[Collected data]

---------------

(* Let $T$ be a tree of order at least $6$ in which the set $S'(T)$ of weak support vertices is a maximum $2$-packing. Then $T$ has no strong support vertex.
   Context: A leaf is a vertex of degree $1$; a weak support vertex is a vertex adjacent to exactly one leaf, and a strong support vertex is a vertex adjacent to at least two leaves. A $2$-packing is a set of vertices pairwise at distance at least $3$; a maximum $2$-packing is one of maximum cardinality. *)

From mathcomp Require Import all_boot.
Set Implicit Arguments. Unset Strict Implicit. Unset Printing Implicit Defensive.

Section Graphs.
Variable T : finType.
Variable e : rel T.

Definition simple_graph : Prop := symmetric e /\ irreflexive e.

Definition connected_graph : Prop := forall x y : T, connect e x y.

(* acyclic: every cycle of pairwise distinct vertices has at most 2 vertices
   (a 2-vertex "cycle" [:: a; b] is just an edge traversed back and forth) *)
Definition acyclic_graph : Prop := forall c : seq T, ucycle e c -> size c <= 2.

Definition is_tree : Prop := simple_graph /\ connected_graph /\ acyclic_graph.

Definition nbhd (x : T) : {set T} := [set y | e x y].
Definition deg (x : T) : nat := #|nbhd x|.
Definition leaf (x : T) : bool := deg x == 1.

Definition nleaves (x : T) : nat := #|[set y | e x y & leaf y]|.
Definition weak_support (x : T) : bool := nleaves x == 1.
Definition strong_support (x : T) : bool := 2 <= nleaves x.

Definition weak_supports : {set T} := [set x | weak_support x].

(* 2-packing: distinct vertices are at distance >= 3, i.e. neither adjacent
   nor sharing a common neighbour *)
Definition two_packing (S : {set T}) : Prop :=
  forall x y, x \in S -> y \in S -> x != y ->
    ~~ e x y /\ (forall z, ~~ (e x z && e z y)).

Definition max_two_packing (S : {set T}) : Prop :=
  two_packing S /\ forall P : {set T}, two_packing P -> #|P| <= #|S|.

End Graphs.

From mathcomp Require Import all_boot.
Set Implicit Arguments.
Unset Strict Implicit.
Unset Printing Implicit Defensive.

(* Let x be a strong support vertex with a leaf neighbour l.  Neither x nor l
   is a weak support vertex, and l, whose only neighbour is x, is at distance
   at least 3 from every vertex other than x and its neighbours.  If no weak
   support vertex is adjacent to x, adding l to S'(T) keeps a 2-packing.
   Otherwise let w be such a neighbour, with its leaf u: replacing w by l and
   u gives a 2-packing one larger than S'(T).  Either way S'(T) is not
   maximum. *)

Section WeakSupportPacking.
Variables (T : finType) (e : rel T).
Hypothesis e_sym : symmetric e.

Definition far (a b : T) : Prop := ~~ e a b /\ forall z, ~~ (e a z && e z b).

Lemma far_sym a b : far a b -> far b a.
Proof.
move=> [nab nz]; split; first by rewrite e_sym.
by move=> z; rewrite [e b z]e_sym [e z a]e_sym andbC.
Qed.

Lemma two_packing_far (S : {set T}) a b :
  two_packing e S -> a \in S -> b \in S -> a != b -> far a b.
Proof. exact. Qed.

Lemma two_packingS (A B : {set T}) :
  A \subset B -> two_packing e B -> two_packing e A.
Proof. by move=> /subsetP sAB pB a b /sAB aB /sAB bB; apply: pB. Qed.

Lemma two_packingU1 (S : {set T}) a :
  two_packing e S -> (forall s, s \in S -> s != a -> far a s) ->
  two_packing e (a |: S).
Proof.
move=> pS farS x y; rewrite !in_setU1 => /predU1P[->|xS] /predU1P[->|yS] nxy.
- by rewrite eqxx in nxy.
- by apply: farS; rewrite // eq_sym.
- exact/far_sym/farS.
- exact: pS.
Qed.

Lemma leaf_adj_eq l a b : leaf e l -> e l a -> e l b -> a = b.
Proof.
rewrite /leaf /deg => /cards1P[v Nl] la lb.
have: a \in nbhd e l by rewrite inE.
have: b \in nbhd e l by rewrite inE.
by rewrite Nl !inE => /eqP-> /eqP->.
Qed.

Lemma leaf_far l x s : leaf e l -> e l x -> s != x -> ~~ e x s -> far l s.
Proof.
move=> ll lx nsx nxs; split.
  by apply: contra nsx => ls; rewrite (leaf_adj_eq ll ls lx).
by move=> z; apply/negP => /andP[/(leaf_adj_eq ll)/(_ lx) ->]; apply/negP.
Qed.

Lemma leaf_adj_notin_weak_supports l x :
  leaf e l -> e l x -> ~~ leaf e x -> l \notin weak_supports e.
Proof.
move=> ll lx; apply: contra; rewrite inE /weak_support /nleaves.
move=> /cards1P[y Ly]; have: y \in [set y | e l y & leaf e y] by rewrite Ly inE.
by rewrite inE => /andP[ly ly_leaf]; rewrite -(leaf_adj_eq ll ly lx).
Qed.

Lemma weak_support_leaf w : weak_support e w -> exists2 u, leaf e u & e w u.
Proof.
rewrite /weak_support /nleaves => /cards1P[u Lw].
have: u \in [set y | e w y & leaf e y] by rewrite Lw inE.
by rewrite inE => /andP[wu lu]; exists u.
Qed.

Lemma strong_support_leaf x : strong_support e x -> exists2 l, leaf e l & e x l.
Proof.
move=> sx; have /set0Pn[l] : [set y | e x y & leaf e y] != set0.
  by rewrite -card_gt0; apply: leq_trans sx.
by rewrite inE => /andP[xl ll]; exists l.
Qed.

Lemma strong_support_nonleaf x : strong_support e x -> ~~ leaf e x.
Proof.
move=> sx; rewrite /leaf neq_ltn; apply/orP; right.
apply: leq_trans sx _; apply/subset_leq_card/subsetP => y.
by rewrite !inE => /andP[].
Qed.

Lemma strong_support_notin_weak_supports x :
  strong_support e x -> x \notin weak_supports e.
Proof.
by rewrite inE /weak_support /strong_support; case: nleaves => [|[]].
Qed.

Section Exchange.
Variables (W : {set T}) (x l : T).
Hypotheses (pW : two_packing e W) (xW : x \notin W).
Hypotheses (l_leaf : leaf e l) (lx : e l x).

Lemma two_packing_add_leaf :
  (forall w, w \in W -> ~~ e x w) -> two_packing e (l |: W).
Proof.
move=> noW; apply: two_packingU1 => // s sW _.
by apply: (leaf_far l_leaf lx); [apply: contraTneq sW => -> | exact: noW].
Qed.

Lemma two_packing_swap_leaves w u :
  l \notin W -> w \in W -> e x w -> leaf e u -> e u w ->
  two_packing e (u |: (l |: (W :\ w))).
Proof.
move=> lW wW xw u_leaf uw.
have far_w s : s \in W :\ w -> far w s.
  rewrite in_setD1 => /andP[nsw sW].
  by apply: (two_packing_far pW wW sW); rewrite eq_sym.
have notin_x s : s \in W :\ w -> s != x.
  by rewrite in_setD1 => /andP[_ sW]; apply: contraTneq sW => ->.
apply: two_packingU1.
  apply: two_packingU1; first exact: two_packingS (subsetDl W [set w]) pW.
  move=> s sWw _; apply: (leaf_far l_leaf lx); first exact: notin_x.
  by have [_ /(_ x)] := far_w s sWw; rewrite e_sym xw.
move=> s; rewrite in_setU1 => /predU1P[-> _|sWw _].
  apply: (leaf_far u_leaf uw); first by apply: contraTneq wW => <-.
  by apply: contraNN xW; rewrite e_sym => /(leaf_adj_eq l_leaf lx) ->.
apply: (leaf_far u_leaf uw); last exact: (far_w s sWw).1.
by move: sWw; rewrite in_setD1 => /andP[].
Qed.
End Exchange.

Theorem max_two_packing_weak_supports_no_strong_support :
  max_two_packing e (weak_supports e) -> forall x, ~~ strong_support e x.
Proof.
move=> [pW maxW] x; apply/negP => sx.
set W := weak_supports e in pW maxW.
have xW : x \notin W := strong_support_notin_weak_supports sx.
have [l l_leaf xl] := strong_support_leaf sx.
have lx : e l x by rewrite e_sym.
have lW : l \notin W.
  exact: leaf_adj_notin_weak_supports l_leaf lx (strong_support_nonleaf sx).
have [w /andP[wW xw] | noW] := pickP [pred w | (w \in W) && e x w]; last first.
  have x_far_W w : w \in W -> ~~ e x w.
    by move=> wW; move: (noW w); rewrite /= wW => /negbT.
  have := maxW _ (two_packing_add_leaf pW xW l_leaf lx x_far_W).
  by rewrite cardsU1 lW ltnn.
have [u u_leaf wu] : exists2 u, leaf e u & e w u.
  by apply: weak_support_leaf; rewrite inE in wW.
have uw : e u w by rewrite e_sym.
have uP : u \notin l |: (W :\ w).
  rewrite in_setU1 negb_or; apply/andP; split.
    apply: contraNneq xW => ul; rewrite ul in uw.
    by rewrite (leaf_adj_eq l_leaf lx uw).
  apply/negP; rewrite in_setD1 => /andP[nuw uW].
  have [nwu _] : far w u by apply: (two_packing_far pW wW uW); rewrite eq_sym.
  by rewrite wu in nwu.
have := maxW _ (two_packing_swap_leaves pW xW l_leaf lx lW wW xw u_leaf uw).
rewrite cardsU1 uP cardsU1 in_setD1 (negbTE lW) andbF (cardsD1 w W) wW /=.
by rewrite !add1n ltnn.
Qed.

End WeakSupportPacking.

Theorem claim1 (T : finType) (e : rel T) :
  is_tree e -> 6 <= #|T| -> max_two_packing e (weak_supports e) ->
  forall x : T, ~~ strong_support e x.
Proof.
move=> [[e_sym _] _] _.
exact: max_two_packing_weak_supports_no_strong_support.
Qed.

---------------

◆ DIRECTIONS
If a line in the records contains "ltnn", report it.

◆ RESPONSE TO THE TASK
  by rewrite cardsU1 lW ltnn.
by rewrite !add1n ltnn.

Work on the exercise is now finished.